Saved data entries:
■ ■ ■ ■

Definition eta0_of (d T : nat) : R := Rpower (INR T) (- / INR (d + 1)).
Definition tau0_of (T C : nat) : R := sqrt (INR T / INR C).
(** Number of cells per side: side length 1/N = Theta(eta0). *)
Definition N_of (eta0 : R) : nat := Z.to_nat (up (/ eta0)).

(* Amortised analysis with one potential per hypercube [I_j], whose state is a range
   [Y_j = [a, b]] and a counter [c].  While [Y_j] is wide, the potential is [L] times the
   number of midpoint halvings still needed to make it narrow, plus [L (tau0 + M + 1)] if [f]
   leaves [Y_j] somewhere on [I_j].  While [Y_j] is narrow, it is [L (tau0 - c)] if [f] exceeds [Y_j]
   by more than its oscillation [L / N] on [I_j] (each pricing round then loses at most [L],
   and a checking round comes within [tau0] rounds), plus [(M + 1) L] if [f] leaves [Y_j],
   which pays for the reset this eventually causes.  A counter term [(M + 1) L c / tau0] pays
   for the reset after a surprising checking round.  Here [M = log2 T] bounds the number of
   halvings from the initial range [[0, L]].  Each round then satisfies
   loss + increase of potential <= 10 L eta0 + L / N + (M + 1) L / tau0,
   plus [L (tau0 + M + 1)] in a corrupted round.  Summing over the [T] rounds, with [N^d] cubes
   of initial potential at most [M L] and [N ~ T^(1/(d+1))], the loss is
   O(L log T (T^(d/(d+1)) + T / tau0 + C tau0)) = O(L log T (T^(d/(d+1)) + sqrt (T C))). *)

From Stdlib Require Import Reals Lra Lia List ZArith Bool Classical ClassicalDescription.
From Coquelicot Require Import Rcomplements.
Open Scope R_scope.

Lemma ln_le_of_le x y : x <= y -> 1 <= y -> ln x <= ln y.
Proof.
  intros Hxy Hy. destruct (Rlt_dec 0 x) as [Hx|Hx]; [now apply ln_le|].
  (* Stdlib's [ln] is [0] on nonpositive arguments. *)
  replace (ln x) with 0 by (unfold ln; destruct (Rlt_dec 0 x); [contradiction|reflexivity]).
  rewrite <- ln_1. apply ln_le; lra.
Qed.

Lemma ln_2_pos : 0 < ln 2.
Proof. pose proof ln_lt_2; lra. Qed.

Definition lg (x : R) : R := ln x / ln 2.

Lemma lg_ge_1 r : 2 <= r -> 1 <= lg r.
Proof.
  intros Hr. pose proof ln_2_pos. unfold lg.
  apply Rle_div_r; [lra|]. rewrite Rmult_1_l. apply ln_le; lra.
Qed.

Lemma Rmax_lg_halve r r' : 2 <= r -> r' <= r / 2 -> Rmax 0 (lg r') + 1 <= Rmax 0 (lg r).
Proof.
  intros Hr Hr'. pose proof ln_2_pos. pose proof (lg_ge_1 r Hr).
  rewrite (Rmax_right 0 (lg r)) by lra.
  assert (Hhalf : lg r' <= lg r - 1).
  { unfold lg. apply Rle_div_l; [lra|].
    replace ((ln r / ln 2 - 1) * ln 2) with (ln r - ln 2) by (field; lra).
    rewrite <- ln_div by lra. apply ln_le_of_le; lra. }
  assert (Rmax 0 (lg r') <= lg r - 1) by (apply Rmax_lub; lra). lra.
Qed.

Lemma cell_lt N r : (1 <= N)%nat -> (cell N r < N)%nat.
Proof. intros. unfold cell. lia. Qed.

Lemma cell_spec N r : (1 <= N)%nat -> 0 <= r <= 1 ->
  INR (cell N r) <= r * INR N <= INR (cell N r) + 1.
Proof.
  intros HN Hr. unfold cell.
  destruct (base_Int_part (r * INR N)) as [Hz1 Hz2].
  set (z := Int_part (r * INR N)) in *.
  assert (HN1 : 1 <= INR N) by (apply (le_INR 1); auto).
  assert (Hz : (-1 < z)%Z) by (apply lt_IZR; nra).
  assert (Hzn : INR (Z.to_nat z) = IZR z) by (rewrite INR_IZR_INZ, Z2Nat.id by lia; reflexivity).
  destruct (Nat.le_gt_cases (Z.to_nat z) (N - 1)) as [Hle|Hgt].
  - rewrite Nat.min_r, Hzn by auto. lra.
  - rewrite Nat.min_l, minus_INR by lia. apply lt_INR in Hgt. rewrite minus_INR in Hgt by lia.
    rewrite Hzn in Hgt. simpl INR in *. nra.
Qed.

Lemma same_cell_close N r r' : (1 <= N)%nat -> 0 <= r <= 1 -> 0 <= r' <= 1 ->
  cell N r = cell N r' -> Rabs (r - r') <= / INR N.
Proof.
  intros HN Hr Hr' Heq.
  pose proof (cell_spec N r HN Hr). pose proof (cell_spec N r' HN Hr').
  assert (HN1 : 1 <= INR N) by (apply (le_INR 1); auto).
  rewrite <- Rdiv_1_l. apply Rle_div_r; [lra|].
  rewrite <- (Rabs_pos_eq (INR N)), <- Rabs_mult by lra.
  apply Rabs_le. rewrite Heq in *. lra.
Qed.

Lemma fold_right_Rmax_le (h : nat -> R) l w : 0 <= w -> (forall i, In i l -> h i <= w) ->
  fold_right Rmax 0 (map h l) <= w.
Proof.
  intros Hw H. induction l as [|i l IH]; cbn; [lra|].
  apply Rmax_lub; [apply H; left; auto|apply IH; intros; apply H; right; auto].
Qed.

Definition in_cube (d N : nat) (j : list nat) (y : point) : Prop :=
  in_unit_cube d y /\ cube_index d N y = j.

Lemma dist_inf_in_cube d N j x y : (1 <= N)%nat ->
  in_cube d N j x -> in_cube d N j y -> dist_inf d x y <= / INR N.
Proof.
  intros HN [Hx <-] [Hy Hxy]. unfold dist_inf.
  apply fold_right_Rmax_le.
  { left; apply Rinv_0_lt_compat, lt_0_INR; lia. }
  intros i Hi. pose proof Hi as Hi'. apply in_seq in Hi'.
  apply same_cell_close; [auto|apply Hx; lia|apply Hy; lia|].
  unfold cube_index in Hxy. symmetry.
  exact (proj1 map_ext_in_iff Hxy i Hi).
Qed.

Lemma in_cube_oscillation d N L f j x y : (1 <= N)%nat -> admissible_f d L f ->
  in_cube d N j x -> in_cube d N j y -> f y <= f x + L * / INR N.
Proof.
  intros HN [Hrange Hlip] Hx Hy.
  assert (HL : 0 <= L) by (pose proof (Hrange x (proj1 Hx)); lra).
  pose proof (Hlip y x (proj1 Hy) (proj1 Hx)) as Hfyx. apply Rabs_le_between' in Hfyx.
  pose proof (Rmult_le_compat_l L _ _ HL (dist_inf_in_cube d N j y x HN Hy Hx)). lra.
Qed.

Fixpoint cube_indices (d N : nat) : list (list nat) :=
  match d with
  | O => nil :: nil
  | S d' => flat_map (fun i => map (cons i) (cube_indices d' N)) (seq 0 N)
  end.

Lemma in_cube_indices d N (g : nat -> nat) k :
  (forall i, (g i < N)%nat) -> In (map g (seq k d)) (cube_indices d N).
Proof.
  revert k. induction d as [|d IH]; intros k Hg; cbn; [auto|].
  apply in_flat_map. exists (g k). split.
  - apply in_seq. specialize (Hg k). lia.
  - apply in_map, IH, Hg.
Qed.

Lemma cube_indices_NoDup d N : NoDup (cube_indices d N).
Proof.
  induction d as [|d IH]; cbn; [repeat constructor; auto|].
  generalize (seq_NoDup N 0). generalize (seq 0 N) as l.
  induction l as [|i l IHl]; intros Hl; cbn; [constructor|].
  apply NoDup_cons_iff in Hl as [Hi Hl].
  apply NoDup_app; [|now apply IHl|].
  - apply NoDup_map_NoDup_ForallPairs; [|exact IH].
    intros u v _ _ Huv. now injection Huv.
  - intros v Hv Hv'.
    apply in_map_iff in Hv as [u [<- _]].
    apply in_flat_map in Hv' as [i' [Hi' Hu]]. apply in_map_iff in Hu as [u' [Hu _]].
    injection Hu as -> _. contradiction.
Qed.

Lemma length_cube_indices d N : length (cube_indices d N) = (N ^ d)%nat.
Proof.
  induction d as [|d IH]; cbn; [auto|].
  replace (N * N ^ d)%nat with (length (seq 0 N) * length (cube_indices d N))%nat
    by now rewrite length_seq, IH.
  induction (seq 0 N) as [|i l IHl]; [auto|]. cbn [flat_map length].
  rewrite length_app, length_map, IHl. lia.
Qed.

Definition sumR (l : list R) : R := fold_right Rplus 0 l.

Lemma sumR_map_nonneg {A} (F : A -> R) l : (forall a, 0 <= F a) -> 0 <= sumR (map F l).
Proof. intros H. unfold sumR. induction l as [|a l IH]; cbn; [lra|]. specialize (H a). lra. Qed.

Lemma sumR_map_le_const {A} (F : A -> R) l c : (forall a, F a <= c) ->
  sumR (map F l) <= INR (length l) * c.
Proof.
  intros H. unfold sumR. induction l as [|a l IH]; cbn -[INR]; [simpl; lra|].
  rewrite S_INR. specialize (H a). lra.
Qed.

Lemma sumR_map_update {A} (F G : A -> R) j l : NoDup l -> In j l ->
  (forall i, i <> j -> G i = F i) -> sumR (map G l) = sumR (map F l) - F j + G j.
Proof.
  intros Hl Hj HGF. unfold sumR. induction l as [|i l IH]; [destruct Hj|].
  apply NoDup_cons_iff in Hl as [Hi Hl]. cbn.
  destruct (classic (i = j)) as [<-|Hij].
  - rewrite (map_ext_in G F); [lra|].
    intros k Hk. apply HGF. intros ->. contradiction.
  - destruct Hj as [->|Hj]; [contradiction|]. rewrite HGF, IH by auto. lra.
Qed.

Definition indicator (P : Prop) : R := if excluded_middle_informative P then 1 else 0.

Lemma indicator_true (P : Prop) : P -> indicator P = 1.
Proof. intros. unfold indicator. destruct (excluded_middle_informative P); tauto. Qed.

■ ■ ■ ■

What you have to do: Show each line of the data that contains the string "leaves".

Exercise output:
   leaves [Y_j] somewhere on [I_j].  While [Y_j] is narrow, it is [L (tau0 - c)] if [f] exceeds [Y_j]
   and a checking round comes within [tau0] rounds), plus [(M + 1) L] if [f] leaves [Y_j],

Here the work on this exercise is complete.